W2_A2_Ex6 optimizing log(0) error

I’m getting a NaN error on iteration 42 of the 2nd optimization loop in exercise 6. I’m trying to be careful to not reveal my answer publicly per forum guidelines.

Debugging through it, it turns out that the A ends up being 1.00000000+e00 which causes cost function np.log(1-A) bit to call np.log(0) which is undefined. Is there a zero safe way to execute the np.dot(1-Y, np.log(1-A).T) bit with zero safety?

This is the A value where things break:

A:[[1.43030959e-29 6.31160658e-42 1.00000000e+00]]

Yes, you get NaN from the cost function if any of your \hat{y} values “saturate” and round to exactly 1. Of course if we were doing pure math here, the output of sigmoid could never be one, but it can happen in floating point.

But the bigger point here is that this should not be happening. There must be something else wrong with your code. Are you sure you pass all the tests for the various functions? Please show the output of the model test and then what you get when you run the real training which is I assume where you’re seeing that NaN value.

Update: Oh, sorry, exercise 6 is optimize, not model. Then the story is more straightforward: this most likely means your “update parameters” logic is incorrect. Things to check are that you subtracted rather than adding and that you are using the actual learning rate that was passed in, not hard-coding it to the default or the like.

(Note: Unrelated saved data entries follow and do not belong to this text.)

Lemma l1obj_growth y : dotv d y = 1 -> l1obj D c + kappa * norm2 (U^T *m y) <= l1obj D y.
Proof.
move=> dy1; have := l1obj_subgrad D c (y - c); rewrite [c + _]addrC subrK; apply: le_trans.
have -> : U^T *m y = U^T *m (y - c) by rewrite mulmxBr c_perp subr0.
by rewrite lerD2l l1obj_dir_lower // dotvBr dy1 dotvC c_opt.1.2 subrr.
Qed.

End SharpMinimum.

Theorem lemma9 (R : realType) (M1 M2 r : nat) (D : 'M[R]_(M1, M2))
  (U : 'M[R]_(M1, r)) (IA : {set 'I_M2}) (k : 'I_M2) (ch : 'cV[R]_M1) :
  DataModel1 D U IA ->
  (forall i : 'I_M2, norm2 (col i D) = 1) ->
  k \notin IA ->
  let d := col k D in
  argmin [set c | inPerp U c /\ dotv c d = 1] (l1obj D) ch ->
  let I0 := [set i : 'I_M2 | (i \notin IA) && (dotv ch (col i D) == 0)]%SET in
  let dperp := (norm2 ((1%:M - U *m U^T) *m d))^-1 *: ((1%:M - U *m U^T) *m d) in
  let o := \sum_(i < M2 | i \notin IA) Num.sg (dotv ch (col i D)) *: col i D in
  let infA := inf [set (\sum_(i in IA) `|dotv δ (col i D)|) | δ in subSphere U] in
  let supB := sup [set (\sum_(i in I0) `|dotv δ (col i D)|) | δ in subSphere U] in
  infA / 2 > supB + norm2 (U^T *m o) ->
  infA > 2 * norm2 (U^T *m d) / Num.sqrt (1 - norm2 (U^T *m d) ^+ 2)
           * (dotv o dperp + \sum_(i in I0) `|dotv (col i D) dperp|) ->
  argmin [set c | inPerp U c /\ dotv d c = 1] (l1obj D)
  = argmin [set c | dotv d c = 1] (l1obj D).
Proof.
move=> [U_orth inliers_in outliers_out] unit_cols k_out d ch_opt I0 dperp o infA supB.
set nd := norm2 (U^T *m d); set p := (1%:M - U *m U^T) *m d => sup_lt angle_lt.
have p_gt0 : 0 < norm2 p := norm2_proj_gt0 (outliers_out k k_out).
have ch_le : norm2 p * l1obj D ch <= dotv o dperp + \sum_(i in I0) `|dotv (col i D) dperp|.
  rewrite (dotvC o); under eq_bigr do rewrite dotvC.
  have := outlier_dir_ge inliers_in ch_opt (inPerp_normalized_proj U_orth d).
  by rewrite (dotv_normalized_proj U_orth).
have kappa_gt0 : 0 < infA - supB - norm2 (U^T *m o) - nd * l1obj D ch.
  have : 2 * (nd * l1obj D ch)
         <= 2 * nd / Num.sqrt (1 - nd ^+ 2) * (dotv o dperp + \sum_(i in I0) `|dotv (col i D) dperp|).
    have -> : Num.sqrt (1 - nd ^+ 2) = norm2 p by rewrite /p norm2_proj // unit_cols expr1n.
    have -> : 2 * (nd * l1obj D ch) = 2 * nd / norm2 p * (norm2 p * l1obj D ch).
      by rewrite [RHS]mulrA mulfVK ?gt_eqF // mulrA.
    by rewrite ler_wpM2l ?divr_ge0 ?mulr_ge0 ?norm2_ge0.
  lra.
apply: (argmin_eq_sharp (g := fun y => norm2 (U^T *m y)) _ _ kappa_gt0 _ _
  (l1obj_growth U_orth inliers_in unit_cols ch_opt)).
- by move=> y [].
- by split; [exact: ch_opt.1.1 | rewrite dotvC ch_opt.1.2].
- by move=> y; exact: norm2_ge0.
- by move=> y dy1 /norm2_eq0.
Qed.
From HB Require Import structures.
From mathcomp Require Import all_boot all_order all_algebra.
From mathcomp Require Import all_classical all_reals all_analysis.
From mathcomp Require Import zify ring lra.
From mathcomp Require Import measurable_realfun.
Import Order.TTheory GRing.Theory Num.Theory.
Import numFieldNormedType.Exports.
Local Open Scope classical_set_scope.
Local Open Scope ring_scope.

(* Both directions rest on a dyadic discretisation.  Writing
   b_k = (2^k mu(|f| > 2^k)^(1/p))^q, the Lorentz integral of f is comparable to
   sum_k b_k: on (2^(k-1), 2^k] the integrand is squeezed between values of the
   nonincreasing distribution function at the endpoints.
   Necessity: test the operator on indicators.  ||1_E||_(p,q) <= c mu(E)^(1/p),
   and ||1_F||_Phi < a forces Phi(1/a) nu(F) <= 1, which is the stated bound
   once Phi is known to be nondecreasing.
   Sufficiency: cut Y into the shells 2^k < |f o tau| <= 2^(k+1), which lie in
   tau^-1 {|f| > 2^k}.  Since Phi(t^(1/q)) is convex and vanishes at 0,
   Phi(l x) <= l^q Phi(x) for l in [0,1]; with the measure condition this bounds
   the k-th term of the modular int Phi(eps |f o tau|) by (2 eps D)^q b_k whenever
   the latter is at most 1.  For eps ~ 1/||f||_(p,q) this holds for every k and
   gives the norm bound; for arbitrary eps it holds for all but finitely many k,
   since b_k -> 0, which gives membership in L^Phi. *)

Lemma powR_le1 {R : realType} (l r : R) : 0 <= r -> 0 <= l <= 1 -> l `^ r <= 1.
Proof.
move=> r0 /andP[l0 l1]; have := @ge0_ler_powR _ r r0 l 1.
by rewrite !nnegrE powR1 => ->.
Qed.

But it is an interesting point that in a more general case, it might be necessary to defend yourself against this “saturation” problem. In 64 bit floats, it only takes z > 36 to saturate sigmoid. In 32 floats it’s even less. Here’s a thread which discusses a general way to do that. Eventually we will convert to using packages like TensorFlow and they have sophisticated implementations for defending against this.

Thanks for your response. Here are the outputs from the propage and optimize functions. All tests pass until the optimize. Potentially issue with dw|db calculation causing w and b to be too large?

Propagate method output:

Optimize method outputs (standard and with additional details):

Yes, your values are clearly wrong in the optimize case. Did you compare your code to the math formulas for the “update parameters” step? I’ll bet you used + instead of - there. We subtract because the gradient points in the direction of most rapid increase of the function (the cost in our case). What we want is to decrease the cost, so we go in the opposite direction.

Thank you very much; I got it working. I had - in the w and b adjustment methods, but I was calling sigmoid on the dw|db values in the adjustment function instead of alpha hence ignoring the learning rate. This case can be closed.